§ **Problem details**: Of the lines listed below, return exactly those that run from the line containing "which is <= eps" through the line containing "rewrite Rmult_assoc, Rinv_l", both included.

(Collected data)
....

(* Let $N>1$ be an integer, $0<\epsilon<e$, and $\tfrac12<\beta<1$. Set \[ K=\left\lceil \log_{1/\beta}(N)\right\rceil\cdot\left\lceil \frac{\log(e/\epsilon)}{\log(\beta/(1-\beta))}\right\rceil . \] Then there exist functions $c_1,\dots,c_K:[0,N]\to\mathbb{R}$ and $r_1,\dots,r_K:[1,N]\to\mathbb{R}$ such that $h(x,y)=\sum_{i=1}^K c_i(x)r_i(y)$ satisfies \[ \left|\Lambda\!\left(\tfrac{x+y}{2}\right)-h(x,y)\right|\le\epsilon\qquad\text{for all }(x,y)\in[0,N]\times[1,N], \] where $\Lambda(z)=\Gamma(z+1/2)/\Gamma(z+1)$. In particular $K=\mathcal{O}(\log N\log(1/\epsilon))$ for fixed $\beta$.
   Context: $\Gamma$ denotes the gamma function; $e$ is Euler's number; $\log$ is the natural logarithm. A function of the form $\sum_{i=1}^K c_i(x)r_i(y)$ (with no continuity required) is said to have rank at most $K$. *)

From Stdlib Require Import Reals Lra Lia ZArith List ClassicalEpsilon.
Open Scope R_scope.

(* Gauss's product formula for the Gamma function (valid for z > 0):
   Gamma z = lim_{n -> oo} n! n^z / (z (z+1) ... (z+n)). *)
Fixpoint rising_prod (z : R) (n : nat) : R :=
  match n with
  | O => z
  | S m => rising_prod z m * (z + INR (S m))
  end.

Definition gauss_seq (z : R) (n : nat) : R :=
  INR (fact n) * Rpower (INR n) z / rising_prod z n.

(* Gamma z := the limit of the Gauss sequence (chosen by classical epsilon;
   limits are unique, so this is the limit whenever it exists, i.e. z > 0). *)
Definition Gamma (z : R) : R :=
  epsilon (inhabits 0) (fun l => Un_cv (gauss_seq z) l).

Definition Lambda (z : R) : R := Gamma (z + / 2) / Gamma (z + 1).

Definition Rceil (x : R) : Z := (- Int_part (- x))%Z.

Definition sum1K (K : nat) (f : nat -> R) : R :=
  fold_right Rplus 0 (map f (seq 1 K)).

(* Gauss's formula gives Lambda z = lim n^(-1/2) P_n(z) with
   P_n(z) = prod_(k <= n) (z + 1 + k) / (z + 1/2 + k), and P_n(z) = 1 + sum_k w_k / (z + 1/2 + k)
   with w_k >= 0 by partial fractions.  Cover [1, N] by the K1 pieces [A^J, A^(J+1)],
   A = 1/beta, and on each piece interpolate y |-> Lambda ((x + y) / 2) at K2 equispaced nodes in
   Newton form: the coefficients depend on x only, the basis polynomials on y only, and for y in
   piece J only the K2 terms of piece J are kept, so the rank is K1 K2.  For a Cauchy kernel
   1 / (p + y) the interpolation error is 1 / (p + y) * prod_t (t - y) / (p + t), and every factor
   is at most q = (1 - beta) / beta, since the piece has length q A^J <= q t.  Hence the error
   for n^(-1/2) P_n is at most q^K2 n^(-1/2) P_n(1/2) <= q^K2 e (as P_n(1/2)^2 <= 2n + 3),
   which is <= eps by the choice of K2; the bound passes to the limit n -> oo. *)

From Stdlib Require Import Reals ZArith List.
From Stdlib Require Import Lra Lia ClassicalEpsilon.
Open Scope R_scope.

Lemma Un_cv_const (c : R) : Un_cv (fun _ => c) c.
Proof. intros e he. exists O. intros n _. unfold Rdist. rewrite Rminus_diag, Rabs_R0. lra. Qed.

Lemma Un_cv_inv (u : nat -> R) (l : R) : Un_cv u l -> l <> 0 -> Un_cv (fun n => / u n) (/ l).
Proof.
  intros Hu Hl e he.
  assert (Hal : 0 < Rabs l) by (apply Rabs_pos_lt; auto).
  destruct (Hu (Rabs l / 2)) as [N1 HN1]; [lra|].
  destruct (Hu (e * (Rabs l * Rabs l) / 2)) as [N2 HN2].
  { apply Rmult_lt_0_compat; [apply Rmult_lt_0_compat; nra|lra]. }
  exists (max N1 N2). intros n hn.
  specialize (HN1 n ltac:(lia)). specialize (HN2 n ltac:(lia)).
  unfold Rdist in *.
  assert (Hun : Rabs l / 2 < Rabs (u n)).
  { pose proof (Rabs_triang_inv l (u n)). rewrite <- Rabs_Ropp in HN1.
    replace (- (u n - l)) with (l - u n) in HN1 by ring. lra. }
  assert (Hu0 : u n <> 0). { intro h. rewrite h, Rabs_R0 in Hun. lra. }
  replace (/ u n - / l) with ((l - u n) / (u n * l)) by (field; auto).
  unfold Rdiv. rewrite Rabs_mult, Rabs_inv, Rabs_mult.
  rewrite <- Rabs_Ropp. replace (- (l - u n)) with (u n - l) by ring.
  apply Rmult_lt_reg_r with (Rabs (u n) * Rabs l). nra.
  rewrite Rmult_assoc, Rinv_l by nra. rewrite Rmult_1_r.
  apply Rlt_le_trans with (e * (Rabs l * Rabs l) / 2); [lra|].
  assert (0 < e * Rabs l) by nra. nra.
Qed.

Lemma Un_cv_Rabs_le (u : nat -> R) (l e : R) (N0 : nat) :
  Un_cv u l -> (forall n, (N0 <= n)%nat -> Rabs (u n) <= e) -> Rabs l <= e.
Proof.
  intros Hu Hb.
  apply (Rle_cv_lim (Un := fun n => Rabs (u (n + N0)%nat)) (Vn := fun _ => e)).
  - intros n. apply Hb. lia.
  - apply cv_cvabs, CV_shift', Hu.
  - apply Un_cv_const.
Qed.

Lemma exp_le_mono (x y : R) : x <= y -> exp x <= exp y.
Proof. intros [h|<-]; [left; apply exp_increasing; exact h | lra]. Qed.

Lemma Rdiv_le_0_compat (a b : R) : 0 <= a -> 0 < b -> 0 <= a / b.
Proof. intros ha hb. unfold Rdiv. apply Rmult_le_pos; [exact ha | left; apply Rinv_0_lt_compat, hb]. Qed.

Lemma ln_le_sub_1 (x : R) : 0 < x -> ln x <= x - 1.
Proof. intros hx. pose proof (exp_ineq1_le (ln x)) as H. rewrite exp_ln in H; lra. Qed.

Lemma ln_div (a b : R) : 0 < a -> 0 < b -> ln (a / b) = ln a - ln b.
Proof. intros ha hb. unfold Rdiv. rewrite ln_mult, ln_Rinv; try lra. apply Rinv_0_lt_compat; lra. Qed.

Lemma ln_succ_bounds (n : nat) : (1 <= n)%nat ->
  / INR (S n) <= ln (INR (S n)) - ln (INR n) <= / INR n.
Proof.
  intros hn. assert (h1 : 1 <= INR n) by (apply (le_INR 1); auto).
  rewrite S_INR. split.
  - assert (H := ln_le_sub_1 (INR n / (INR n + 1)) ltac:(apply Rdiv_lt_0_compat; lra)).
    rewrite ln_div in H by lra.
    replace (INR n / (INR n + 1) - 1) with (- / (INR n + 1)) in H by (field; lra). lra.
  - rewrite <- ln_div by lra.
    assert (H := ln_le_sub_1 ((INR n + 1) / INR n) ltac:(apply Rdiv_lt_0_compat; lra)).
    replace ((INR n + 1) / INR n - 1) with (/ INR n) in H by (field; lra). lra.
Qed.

....

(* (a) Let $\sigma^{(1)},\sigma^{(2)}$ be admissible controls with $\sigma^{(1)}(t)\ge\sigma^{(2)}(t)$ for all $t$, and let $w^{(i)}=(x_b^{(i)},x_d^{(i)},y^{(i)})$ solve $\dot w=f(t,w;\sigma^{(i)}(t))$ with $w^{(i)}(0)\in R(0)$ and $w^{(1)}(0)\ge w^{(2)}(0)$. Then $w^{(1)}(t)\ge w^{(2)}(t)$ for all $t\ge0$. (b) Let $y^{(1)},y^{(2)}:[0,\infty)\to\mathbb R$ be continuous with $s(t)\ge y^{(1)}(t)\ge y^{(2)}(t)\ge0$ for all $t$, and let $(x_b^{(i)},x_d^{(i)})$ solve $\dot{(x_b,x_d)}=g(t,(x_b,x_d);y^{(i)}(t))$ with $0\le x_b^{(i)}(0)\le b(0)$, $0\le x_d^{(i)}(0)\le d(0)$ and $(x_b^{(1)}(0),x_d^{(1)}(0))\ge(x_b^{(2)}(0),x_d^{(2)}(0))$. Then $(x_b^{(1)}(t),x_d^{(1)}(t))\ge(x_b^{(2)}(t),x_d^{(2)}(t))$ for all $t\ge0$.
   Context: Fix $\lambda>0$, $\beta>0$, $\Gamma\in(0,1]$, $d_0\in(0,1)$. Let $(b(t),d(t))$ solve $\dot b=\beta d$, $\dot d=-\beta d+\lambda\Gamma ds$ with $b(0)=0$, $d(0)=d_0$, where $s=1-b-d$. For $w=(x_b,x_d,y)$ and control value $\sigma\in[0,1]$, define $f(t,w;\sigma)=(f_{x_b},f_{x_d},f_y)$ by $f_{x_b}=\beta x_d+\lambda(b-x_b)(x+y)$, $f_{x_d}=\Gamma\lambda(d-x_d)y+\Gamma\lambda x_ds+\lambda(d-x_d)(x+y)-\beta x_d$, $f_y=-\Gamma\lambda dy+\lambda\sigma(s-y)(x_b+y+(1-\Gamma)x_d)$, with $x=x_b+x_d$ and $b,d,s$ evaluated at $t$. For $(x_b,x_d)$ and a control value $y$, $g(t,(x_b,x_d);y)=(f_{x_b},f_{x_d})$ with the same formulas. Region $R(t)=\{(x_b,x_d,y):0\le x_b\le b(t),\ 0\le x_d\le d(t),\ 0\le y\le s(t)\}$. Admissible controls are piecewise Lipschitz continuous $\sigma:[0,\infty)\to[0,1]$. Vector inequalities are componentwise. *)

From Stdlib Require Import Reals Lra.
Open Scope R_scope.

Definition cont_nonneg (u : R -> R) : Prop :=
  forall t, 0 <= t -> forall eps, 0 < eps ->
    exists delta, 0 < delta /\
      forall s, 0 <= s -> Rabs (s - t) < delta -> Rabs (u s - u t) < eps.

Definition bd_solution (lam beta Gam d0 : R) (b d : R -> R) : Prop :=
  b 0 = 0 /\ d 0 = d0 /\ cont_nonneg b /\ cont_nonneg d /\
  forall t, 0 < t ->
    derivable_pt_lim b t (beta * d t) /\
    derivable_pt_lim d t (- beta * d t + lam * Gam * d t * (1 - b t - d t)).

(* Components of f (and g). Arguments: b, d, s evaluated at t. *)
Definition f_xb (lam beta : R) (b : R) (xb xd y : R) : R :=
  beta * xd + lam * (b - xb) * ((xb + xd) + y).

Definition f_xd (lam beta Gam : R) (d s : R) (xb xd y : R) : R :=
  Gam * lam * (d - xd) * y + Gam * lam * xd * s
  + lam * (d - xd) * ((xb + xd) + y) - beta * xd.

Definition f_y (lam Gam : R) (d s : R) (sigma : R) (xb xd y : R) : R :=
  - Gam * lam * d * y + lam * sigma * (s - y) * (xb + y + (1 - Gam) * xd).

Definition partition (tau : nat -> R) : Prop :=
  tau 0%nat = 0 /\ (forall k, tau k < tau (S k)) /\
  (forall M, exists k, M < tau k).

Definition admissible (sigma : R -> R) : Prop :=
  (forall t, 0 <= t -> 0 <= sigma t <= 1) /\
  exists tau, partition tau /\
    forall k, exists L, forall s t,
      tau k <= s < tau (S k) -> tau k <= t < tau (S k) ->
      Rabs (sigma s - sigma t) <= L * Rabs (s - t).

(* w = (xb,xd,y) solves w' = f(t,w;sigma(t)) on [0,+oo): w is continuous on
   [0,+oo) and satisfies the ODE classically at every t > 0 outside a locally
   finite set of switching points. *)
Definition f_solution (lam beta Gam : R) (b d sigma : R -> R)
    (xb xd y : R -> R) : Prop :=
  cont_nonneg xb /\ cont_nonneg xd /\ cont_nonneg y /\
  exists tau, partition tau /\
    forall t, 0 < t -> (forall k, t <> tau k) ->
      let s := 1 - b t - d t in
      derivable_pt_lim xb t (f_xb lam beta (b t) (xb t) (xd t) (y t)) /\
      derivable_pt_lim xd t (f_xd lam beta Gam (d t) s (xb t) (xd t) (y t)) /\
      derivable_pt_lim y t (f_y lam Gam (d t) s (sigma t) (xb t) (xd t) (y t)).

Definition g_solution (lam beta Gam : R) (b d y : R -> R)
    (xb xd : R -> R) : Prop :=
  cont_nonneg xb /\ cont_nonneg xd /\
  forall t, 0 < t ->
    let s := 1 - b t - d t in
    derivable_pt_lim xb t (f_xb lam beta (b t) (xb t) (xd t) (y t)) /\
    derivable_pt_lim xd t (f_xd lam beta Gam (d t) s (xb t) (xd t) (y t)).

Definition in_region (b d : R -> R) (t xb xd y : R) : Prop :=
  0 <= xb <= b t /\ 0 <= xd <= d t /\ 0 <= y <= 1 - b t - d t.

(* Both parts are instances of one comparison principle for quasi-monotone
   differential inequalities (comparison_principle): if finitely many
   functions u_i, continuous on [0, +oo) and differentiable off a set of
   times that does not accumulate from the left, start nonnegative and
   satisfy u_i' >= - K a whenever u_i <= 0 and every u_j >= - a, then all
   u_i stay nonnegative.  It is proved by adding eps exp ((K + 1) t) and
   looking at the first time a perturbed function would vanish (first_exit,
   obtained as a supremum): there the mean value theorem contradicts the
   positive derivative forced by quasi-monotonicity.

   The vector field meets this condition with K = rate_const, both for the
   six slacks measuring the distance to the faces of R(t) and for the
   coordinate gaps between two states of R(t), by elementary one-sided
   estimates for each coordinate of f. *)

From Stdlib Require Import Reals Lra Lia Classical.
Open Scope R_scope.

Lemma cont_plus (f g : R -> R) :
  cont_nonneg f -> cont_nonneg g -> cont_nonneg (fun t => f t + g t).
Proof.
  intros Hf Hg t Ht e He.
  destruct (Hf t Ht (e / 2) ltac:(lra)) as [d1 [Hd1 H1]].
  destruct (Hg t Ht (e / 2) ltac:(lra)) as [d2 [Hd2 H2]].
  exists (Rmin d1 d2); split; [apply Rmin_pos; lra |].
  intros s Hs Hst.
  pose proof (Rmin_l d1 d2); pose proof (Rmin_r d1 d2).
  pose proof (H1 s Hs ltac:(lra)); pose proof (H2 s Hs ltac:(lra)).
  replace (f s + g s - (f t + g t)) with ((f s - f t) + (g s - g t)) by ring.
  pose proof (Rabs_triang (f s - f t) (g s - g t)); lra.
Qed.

....

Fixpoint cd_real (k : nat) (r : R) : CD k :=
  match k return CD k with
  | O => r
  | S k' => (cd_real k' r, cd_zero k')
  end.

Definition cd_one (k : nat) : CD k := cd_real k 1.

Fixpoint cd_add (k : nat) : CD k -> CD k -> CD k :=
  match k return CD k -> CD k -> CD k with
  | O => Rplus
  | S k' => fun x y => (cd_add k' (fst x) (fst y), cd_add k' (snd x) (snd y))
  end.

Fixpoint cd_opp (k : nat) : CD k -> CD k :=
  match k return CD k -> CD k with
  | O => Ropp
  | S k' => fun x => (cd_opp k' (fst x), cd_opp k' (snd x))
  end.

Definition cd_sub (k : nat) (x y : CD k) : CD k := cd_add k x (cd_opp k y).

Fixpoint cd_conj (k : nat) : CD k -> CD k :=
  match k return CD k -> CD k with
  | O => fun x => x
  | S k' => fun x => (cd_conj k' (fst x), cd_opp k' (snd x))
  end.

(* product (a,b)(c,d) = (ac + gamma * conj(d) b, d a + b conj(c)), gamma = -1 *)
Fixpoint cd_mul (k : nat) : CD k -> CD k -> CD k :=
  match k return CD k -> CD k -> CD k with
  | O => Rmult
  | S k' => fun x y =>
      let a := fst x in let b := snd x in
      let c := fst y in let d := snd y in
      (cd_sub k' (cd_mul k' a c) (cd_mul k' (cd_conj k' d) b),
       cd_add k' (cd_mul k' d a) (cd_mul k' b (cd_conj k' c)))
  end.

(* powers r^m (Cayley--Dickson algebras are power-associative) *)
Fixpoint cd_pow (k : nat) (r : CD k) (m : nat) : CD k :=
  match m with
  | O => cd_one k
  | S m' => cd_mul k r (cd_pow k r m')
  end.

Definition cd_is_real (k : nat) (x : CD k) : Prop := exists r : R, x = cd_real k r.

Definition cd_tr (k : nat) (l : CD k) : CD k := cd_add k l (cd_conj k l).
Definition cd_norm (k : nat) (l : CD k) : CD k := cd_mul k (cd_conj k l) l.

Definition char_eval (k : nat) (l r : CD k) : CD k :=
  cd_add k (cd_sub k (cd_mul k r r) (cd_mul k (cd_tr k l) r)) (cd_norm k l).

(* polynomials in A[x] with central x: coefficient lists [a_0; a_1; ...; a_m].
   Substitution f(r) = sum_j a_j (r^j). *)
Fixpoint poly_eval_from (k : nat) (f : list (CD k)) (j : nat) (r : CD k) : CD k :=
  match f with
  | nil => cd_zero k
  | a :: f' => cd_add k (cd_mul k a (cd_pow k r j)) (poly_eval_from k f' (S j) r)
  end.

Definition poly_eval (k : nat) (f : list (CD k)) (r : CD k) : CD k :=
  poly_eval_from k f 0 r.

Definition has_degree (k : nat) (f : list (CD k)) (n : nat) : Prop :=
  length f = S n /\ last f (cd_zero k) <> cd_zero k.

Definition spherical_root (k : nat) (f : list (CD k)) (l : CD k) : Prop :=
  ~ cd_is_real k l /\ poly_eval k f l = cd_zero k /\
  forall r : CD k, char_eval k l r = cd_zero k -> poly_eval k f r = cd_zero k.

....

§ **Output below**:
   which is <= eps by the choice of K2; the bound passes to the limit n -> oo. *)

From Stdlib Require Import Reals ZArith List.
From Stdlib Require Import Lra Lia ClassicalEpsilon.
Open Scope R_scope.

Lemma Un_cv_const (c : R) : Un_cv (fun _ => c) c.
Proof. intros e he. exists O. intros n _. unfold Rdist. rewrite Rminus_diag, Rabs_R0. lra. Qed.

Lemma Un_cv_inv (u : nat -> R) (l : R) : Un_cv u l -> l <> 0 -> Un_cv (fun n => / u n) (/ l).
Proof.
  intros Hu Hl e he.
  assert (Hal : 0 < Rabs l) by (apply Rabs_pos_lt; auto).
  destruct (Hu (Rabs l / 2)) as [N1 HN1]; [lra|].
  destruct (Hu (e * (Rabs l * Rabs l) / 2)) as [N2 HN2].
  { apply Rmult_lt_0_compat; [apply Rmult_lt_0_compat; nra|lra]. }
  exists (max N1 N2). intros n hn.
  specialize (HN1 n ltac:(lia)). specialize (HN2 n ltac:(lia)).
  unfold Rdist in *.
  assert (Hun : Rabs l / 2 < Rabs (u n)).
  { pose proof (Rabs_triang_inv l (u n)). rewrite <- Rabs_Ropp in HN1.
    replace (- (u n - l)) with (l - u n) in HN1 by ring. lra. }
  assert (Hu0 : u n <> 0). { intro h. rewrite h, Rabs_R0 in Hun. lra. }
  replace (/ u n - / l) with ((l - u n) / (u n * l)) by (field; auto).
  unfold Rdiv. rewrite Rabs_mult, Rabs_inv, Rabs_mult.
  rewrite <- Rabs_Ropp. replace (- (l - u n)) with (u n - l) by ring.
  apply Rmult_lt_reg_r with (Rabs (u n) * Rabs l). nra.
  rewrite Rmult_assoc, Rinv_l by nra. rewrite Rmult_1_r.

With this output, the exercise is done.